§ **What is being asked**
Among the lines below, keep only those from the one containing "rewrite /widen_ord /ord_max /=; lra." through the one containing "(* (4) the two actions commute *)", and reproduce them exactly.

START Dataset excerpts

(* (1) The groups $\mathrm{Aut}(Q_D)$ and $\mathrm{Aut}(Q_W)$ are each conjugate in $GL(4,\mathbb R)$ to the Lorentz group $O(3,1)=\mathrm{Aut}(Q_{\mathcal L})$; explicitly $\mathrm{Aut}(Q_D)=\mathbf J_0^{-1}O(3,1)\mathbf J_0$ and $\mathrm{Aut}(Q_W)=\mathbf A^{-1}O(3,1)\mathbf A$ where $\mathbf J_0=\tfrac12\begin{pmatrix}1&1&1&1\\1&1&-1&-1\\1&-1&1&-1\\1&-1&-1&1\end{pmatrix}$ and $\mathbf A=\begin{pmatrix}2&1&0&0\\2&-1&0&0\\0&0&1&1\\0&0&-1&1\end{pmatrix}$. (2) For any two ordered, oriented Descartes configurations $\mathcal D,\mathcal D'$ there is a unique $\mathbf U\in\mathrm{Aut}(Q_D)$ with $\mathbf U\mathbf W_{\mathcal D}=\mathbf W_{\mathcal D'}$; in particular $\mathbf W\mapsto\mathbf U\mathbf W$ defines a transitive left action of $\mathrm{Aut}(Q_D)$ on $\mathcal M_{\mathbb D}$. (3) For any two ordered, oriented Descartes configurations $\mathcal D,\mathcal D'$ there is a unique $\mathbf V\in\mathrm{Aut}(Q_W)$ with $\mathbf W_{\mathcal D}\mathbf V^{-1}=\mathbf W_{\mathcal D'}$; in particular $\mathbf W\mapsto \mathbf W\mathbf V^{-1}$ defines a transitive right action of $\mathrm{Aut}(Q_W)$ on $\mathcal M_{\mathbb D}$. (4) These two actions on $\mathcal M_{\mathbb D}$ commute.
   Context: Oriented circles/lines, interiors, and (ordered, oriented) Descartes configurations: an oriented circle of radius $r$ has oriented curvature $b=\pm1/r$ ($+$ if its normal points inward, in which case its interior is the open disk; $-$ otherwise, interior the open exterior); an oriented line has curvature $0$, a unit normal $\mathbf h$, and interior the open half-plane into which $\mathbf h$ points. A Descartes configuration is four mutually tangent circles/lines with six distinct tangency points (parallel lines tangent at $\infty$); it is oriented if the interiors are pairwise disjoint, or become so after reversing all orientations. Augmented curvature-center coordinates of an oriented circle with center $\mathbf c=(c_1,c_2)$ and oriented radius $r$ ($r>0$ iff the interior is the bounded disk): $\mathbf w(C)=\big((|\mathbf c|^2-r^2)/r,\;1/r,\;c_1/r,\;c_2/r\big)$; of the oriented line $\{\mathbf x:\mathbf x\cdot\mathbf h=m\}$ with interior-pointing unit normal $\mathbf h$: $\mathbf w(C)=(2m,0,h_1,h_2)$. For an ordered, oriented Descartes configuration $\mathcal D=(C_1,\dots,C_4)$, $\mathbf W_{\mathcal D}$ is the $4\times4$ matrix with rows $\mathbf w(C_i)$. $\mathbf Q_D=\mathbf I-\frac12\mathbf 1\mathbf 1^T$; $\mathbf Q_W=\begin{pmatrix}0&-4&0&0\\-4&0&0&0\\0&0&2&0\\0&0&0&2\end{pmatrix}$; $\mathbf Q_{\mathcal L}=\mathrm{diag}(-1,1,1,1)$. For a symmetric matrix $\mathbf Q$, $\mathrm{Aut}(Q)=\{\mathbf U\in GL(4,\mathbb R):\mathbf U^T\mathbf Q\mathbf U=\mathbf Q\}$. Known fact (Augmented Euclidean Descartes Theorem): $\mathcal D\mapsto\mathbf W_{\mathcal D}$ is a bijection from the set of ordered, oriented Descartes configurations onto $\mathcal M_{\mathbb D}:=\{\mathbf W\in M_4(\mathbb R):\mathbf W^T\mathbf Q_D\mathbf W=\mathbf Q_W\}$. *)

From HB Require Import structures.
From mathcomp Require Import all_boot all_order all_algebra.
Set Implicit Arguments. Unset Strict Implicit. Unset Printing Implicit Defensive.
Import Order.TTheory GRing.Theory Num.Theory.
Local Open Scope ring_scope.

Section Defs.
Variable R : realFieldType.

Definition mx4 (s : seq (seq R)) : 'M[R]_4 :=
  \matrix_(i < 4, j < 4) nth 0 (nth [::] s i) j.

Definition QD : 'M[R]_4 := 1%:M - 2^-1 *: const_mx 1.

Definition QW : 'M[R]_4 :=
  mx4 [:: [:: 0; -4; 0; 0]; [:: -4; 0; 0; 0]; [:: 0; 0; 2; 0]; [:: 0; 0; 0; 2]].

Definition QL : 'M[R]_4 :=
  mx4 [:: [:: -1; 0; 0; 0]; [:: 0; 1; 0; 0]; [:: 0; 0; 1; 0]; [:: 0; 0; 0; 1]].

Definition Aut (Q : 'M[R]_4) (U : 'M[R]_4) : Prop :=
  U \in unitmx /\ U^T *m Q *m U = Q.

Definition Lorentz := Aut QL.

Definition MD (W : 'M[R]_4) : Prop := W^T *m QD *m W = QW.

Definition J0 : 'M[R]_4 :=
  2^-1 *: mx4 [:: [:: 1; 1; 1; 1]; [:: 1; 1; -1; -1]; [:: 1; -1; 1; -1]; [:: 1; -1; -1; 1]].

Definition Amx : 'M[R]_4 :=
  mx4 [:: [:: 2; 1; 0; 0]; [:: 2; -1; 0; 0]; [:: 0; 0; 1; 1]; [:: 0; 0; -1; 1]].

End Defs.

From HB Require Import structures.
From mathcomp Require Import all_boot all_order all_algebra ring lra.
Set Implicit Arguments. Unset Strict Implicit. Unset Printing Implicit Defensive.
Import Order.TTheory GRing.Theory Num.Theory.
Local Open Scope ring_scope.

(* All four statements are congruence bookkeeping. If P^T Q1 P = Q2 then conjugation by P
   maps Aut(Q1) onto Aut(Q2); the explicit matrices satisfy J0^T Q_L J0 = Q_D and
   A^T Q_L A = Q_W. Every W in M_D is invertible since Q_W is, so for W, W' in M_D the
   matrices W' W^-1 and W'^-1 W are the unique elements of Aut(Q_D) and Aut(Q_W) carrying
   W to W'. The two actions commute by associativity. *)

Section Congruence.
Variable R : realFieldType.
Implicit Types P L U V W : 'M[R]_4.

Lemma Aut_conj (Q1 Q2 : 'M[R]_4) P L : P \in unitmx -> P^T *m Q1 *m P = Q2 ->
  Aut Q1 L -> Aut Q2 (invmx P *m L *m P).
Proof.
move=> uP <- [uL hL]; split; first by rewrite !unitmx_mul unitmx_inv uP uL.
rewrite !trmx_mul trmx_inv -!mulmxA mulKVmx ?unitmx_tr // mulKmx ?unitmx_tr //.
by rewrite (mulmxA L^T) (mulmxA (L^T *m Q1)) hL !mulmxA.
Qed.

Lemma Aut_conjP (Q1 Q2 : 'M[R]_4) P : P \in unitmx -> P^T *m Q1 *m P = Q2 ->
  forall U, Aut Q2 U <-> exists L, Aut Q1 L /\ U = invmx P *m L *m P.
Proof.
move=> uP hQ2 U; split; last by move=> [L [autL ->]]; exact: Aut_conj autL.
have uPinv : invmx P \in unitmx by rewrite unitmx_inv.
have hQ1 : (invmx P)^T *m Q2 *m invmx P = Q1.
  by rewrite -hQ2 trmx_inv !mulmxA mulmxK // mulVmx ?unitmx_tr // mul1mx.
move=> autU; exists (P *m U *m invmx P); split.
  by have := Aut_conj uPinv hQ1 autU; rewrite invmxK.
by rewrite !mulmxA mulVmx // mul1mx mulmxKV.
Qed.

Variables Q1 Q2 : 'M[R]_4.

Lemma congr_unit W : Q2 \in unitmx -> W^T *m Q1 *m W = Q2 -> W \in unitmx.
Proof.
move=> uQ2 hW; have := uQ2; rewrite -hW !unitmx_mul unitmx_tr.
by case/andP => /andP[].
Qed.

Lemma congr_mull U W : Aut Q1 U -> W^T *m Q1 *m W = Q2 ->
  (U *m W)^T *m Q1 *m (U *m W) = Q2.
Proof.
move=> [_ hU] hW.
by rewrite trmx_mul !mulmxA -(mulmxA _ U^T) -(mulmxA _ (U^T *m _)) hU.
Qed.

Lemma congr_mulr_inv V W : Aut Q2 V -> W^T *m Q1 *m W = Q2 ->
  (W *m invmx V)^T *m Q1 *m (W *m invmx V) = Q2.
Proof.
move=> [uV hV] hW; rewrite trmx_mul !mulmxA -(mulmxA _ W^T) -(mulmxA _ (W^T *m _)) hW.
by rewrite -{1}hV trmx_inv -!mulmxA mulKmx ?unitmx_tr // mulmxV // mulmx1.
Qed.

Lemma Aut_left_quotient W W' : W \in unitmx -> W' \in unitmx ->
  W^T *m Q1 *m W = Q2 -> W'^T *m Q1 *m W' = Q2 -> Aut Q1 (W' *m invmx W).
Proof.
move=> uW uW' hW hW'; split; first by rewrite unitmx_mul uW' unitmx_inv.
rewrite trmx_mul !mulmxA -(mulmxA _ W'^T) -(mulmxA _ (W'^T *m _)) hW'.
by rewrite -hW trmx_inv !mulmxA mulVmx ?unitmx_tr // mul1mx mulmxK.
Qed.

Lemma Aut_right_quotient W W' : W \in unitmx -> W' \in unitmx ->
  W^T *m Q1 *m W = Q2 -> W'^T *m Q1 *m W' = Q2 -> Aut Q2 (invmx W' *m W).
Proof.
move=> uW uW' hW hW'; split; first by rewrite unitmx_mul uW unitmx_inv uW'.
rewrite trmx_mul -{2}hW -hW' trmx_inv !mulmxA.
by rewrite -!mulmxA mulKmx ?unitmx_tr // mulKVmx // mulmxA.
Qed.

End Congruence.

Ltac mx4_entrywise := apply/matrixP => - [[|[|[|[|?]]]] ?] [[|[|[|[|?]]]] ?] //;
  repeat (rewrite mxE || rewrite big_ord_recr /= || rewrite big_ord0);
  rewrite /widen_ord /ord_max /=; lra.

Section ExplicitMatrices.
Variable R : realFieldType.

Lemma J0_congr : (J0 R)^T *m QL R *m J0 R = QD R.
Proof. rewrite /J0 /QL /QD /mx4; mx4_entrywise. Qed.

Lemma Amx_congr : (Amx R)^T *m QL R *m Amx R = QW R.
Proof. rewrite /Amx /QL /QW /mx4; mx4_entrywise. Qed.

Lemma J0_unit : J0 R \in unitmx.
Proof.
have J0K : J0 R *m J0 R = 1%:M by rewrite /J0 /mx4; mx4_entrywise.
by case: (mulmx1_unit J0K).
Qed.

Lemma Amx_unit : Amx R \in unitmx.
Proof.
have AmxK : Amx R *m mx4 [:: [:: 4^-1; 4^-1; 0; 0]; [:: 2^-1; -(2^-1); 0; 0];
                             [:: 0; 0; 2^-1; -(2^-1)]; [:: 0; 0; 2^-1; 2^-1]] = 1%:M.
  by rewrite /Amx /mx4; mx4_entrywise.
by case: (mulmx1_unit AmxK).
Qed.

Lemma QW_unit : QW R \in unitmx.
Proof.
have QLK : QL R *m QL R = 1%:M by rewrite /QL /mx4; mx4_entrywise.
have [uQL _] := mulmx1_unit QLK.
by rewrite -Amx_congr !unitmx_mul unitmx_tr Amx_unit uQL.
Qed.

Lemma MD_unit (W : 'M[R]_4) : MD W -> W \in unitmx.
Proof. exact: congr_unit QW_unit. Qed.

End ExplicitMatrices.

Theorem theorem3p3 (R : realFieldType) :
  (* (1) conjugacy to the Lorentz group *)
  (J0 R \in unitmx /\
   forall U : 'M[R]_4,
     Aut (QD R) U <-> exists L : 'M[R]_4, Lorentz L /\ U = invmx (J0 R) *m L *m J0 R) /\
  (Amx R \in unitmx /\
   forall V : 'M[R]_4,
     Aut (QW R) V <-> exists L : 'M[R]_4, Lorentz L /\ V = invmx (Amx R) *m L *m Amx R) /\
  (* (2) simply transitive left action of Aut(Q_D) on M_D *)
  (forall U W : 'M[R]_4, Aut (QD R) U -> MD W -> MD (U *m W)) /\
  (forall W W' : 'M[R]_4, MD W -> MD W' ->
     exists! U : 'M[R]_4, Aut (QD R) U /\ U *m W = W') /\
  (* (3) simply transitive right action of Aut(Q_W) on M_D *)
  (forall V W : 'M[R]_4, Aut (QW R) V -> MD W -> MD (W *m invmx V)) /\
  (forall W W' : 'M[R]_4, MD W -> MD W' ->
     exists! V : 'M[R]_4, Aut (QW R) V /\ W *m invmx V = W') /\
  (* (4) the two actions commute *)
  (forall U V W : 'M[R]_4, Aut (QD R) U -> Aut (QW R) V -> MD W ->
     (U *m W) *m invmx V = U *m (W *m invmx V)).
Proof.
split; first by split; [exact: J0_unit | exact: Aut_conjP (J0_unit R) (J0_congr R)].
split; first by split; [exact: Amx_unit | exact: Aut_conjP (Amx_unit R) (Amx_congr R)].
split; first exact: congr_mull.
split.
  move=> W W' hW hW'; have uW := MD_unit hW; have uW' := MD_unit hW'.
  exists (W' *m invmx W); split.
    by split; [exact: Aut_left_quotient uW uW' hW hW' | rewrite mulmxKV].
  by move=> U [_ <-]; rewrite mulmxK.
split; first exact: congr_mulr_inv.
split.
  move=> W W' hW hW'; have uW := MD_unit hW; have uW' := MD_unit hW'.
  exists (invmx W' *m W); split.
    split; first exact: Aut_right_quotient uW uW' hW hW'.
    by rewrite -{1}(mulKVmx uW' W) mulmxK // unitmx_mul unitmx_inv uW'.
  move=> V [[uV _] hV].
  have W'V : W' *m V = W by rewrite -hV mulmxKV.
  by rewrite -W'V mulKmx.
by move=> U V W _ _ _; rewrite mulmxA.
Qed.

END Dataset excerpts

§ **Problem solution**
  rewrite /widen_ord /ord_max /=; lra.

Section ExplicitMatrices.
Variable R : realFieldType.

Lemma J0_congr : (J0 R)^T *m QL R *m J0 R = QD R.
Proof. rewrite /J0 /QL /QD /mx4; mx4_entrywise. Qed.

Lemma Amx_congr : (Amx R)^T *m QL R *m Amx R = QW R.
Proof. rewrite /Amx /QL /QW /mx4; mx4_entrywise. Qed.

Lemma J0_unit : J0 R \in unitmx.
Proof.
have J0K : J0 R *m J0 R = 1%:M by rewrite /J0 /mx4; mx4_entrywise.
by case: (mulmx1_unit J0K).
Qed.

Lemma Amx_unit : Amx R \in unitmx.
Proof.
have AmxK : Amx R *m mx4 [:: [:: 4^-1; 4^-1; 0; 0]; [:: 2^-1; -(2^-1); 0; 0];
                             [:: 0; 0; 2^-1; -(2^-1)]; [:: 0; 0; 2^-1; 2^-1]] = 1%:M.
  by rewrite /Amx /mx4; mx4_entrywise.
by case: (mulmx1_unit AmxK).
Qed.

Lemma QW_unit : QW R \in unitmx.
Proof.
have QLK : QL R *m QL R = 1%:M by rewrite /QL /mx4; mx4_entrywise.
have [uQL _] := mulmx1_unit QLK.
by rewrite -Amx_congr !unitmx_mul unitmx_tr Amx_unit uQL.
Qed.

Lemma MD_unit (W : 'M[R]_4) : MD W -> W \in unitmx.
Proof. exact: congr_unit QW_unit. Qed.

End ExplicitMatrices.

Theorem theorem3p3 (R : realFieldType) :
  (* (1) conjugacy to the Lorentz group *)
  (J0 R \in unitmx /\
   forall U : 'M[R]_4,
     Aut (QD R) U <-> exists L : 'M[R]_4, Lorentz L /\ U = invmx (J0 R) *m L *m J0 R) /\
  (Amx R \in unitmx /\
   forall V : 'M[R]_4,
     Aut (QW R) V <-> exists L : 'M[R]_4, Lorentz L /\ V = invmx (Amx R) *m L *m Amx R) /\
  (* (2) simply transitive left action of Aut(Q_D) on M_D *)
  (forall U W : 'M[R]_4, Aut (QD R) U -> MD W -> MD (U *m W)) /\
  (forall W W' : 'M[R]_4, MD W -> MD W' ->
     exists! U : 'M[R]_4, Aut (QD R) U /\ U *m W = W') /\
  (* (3) simply transitive right action of Aut(Q_W) on M_D *)
  (forall V W : 'M[R]_4, Aut (QW R) V -> MD W -> MD (W *m invmx V)) /\
  (forall W W' : 'M[R]_4, MD W -> MD W' ->
     exists! V : 'M[R]_4, Aut (QW R) V /\ W *m invmx V = W') /\
  (* (4) the two actions commute *)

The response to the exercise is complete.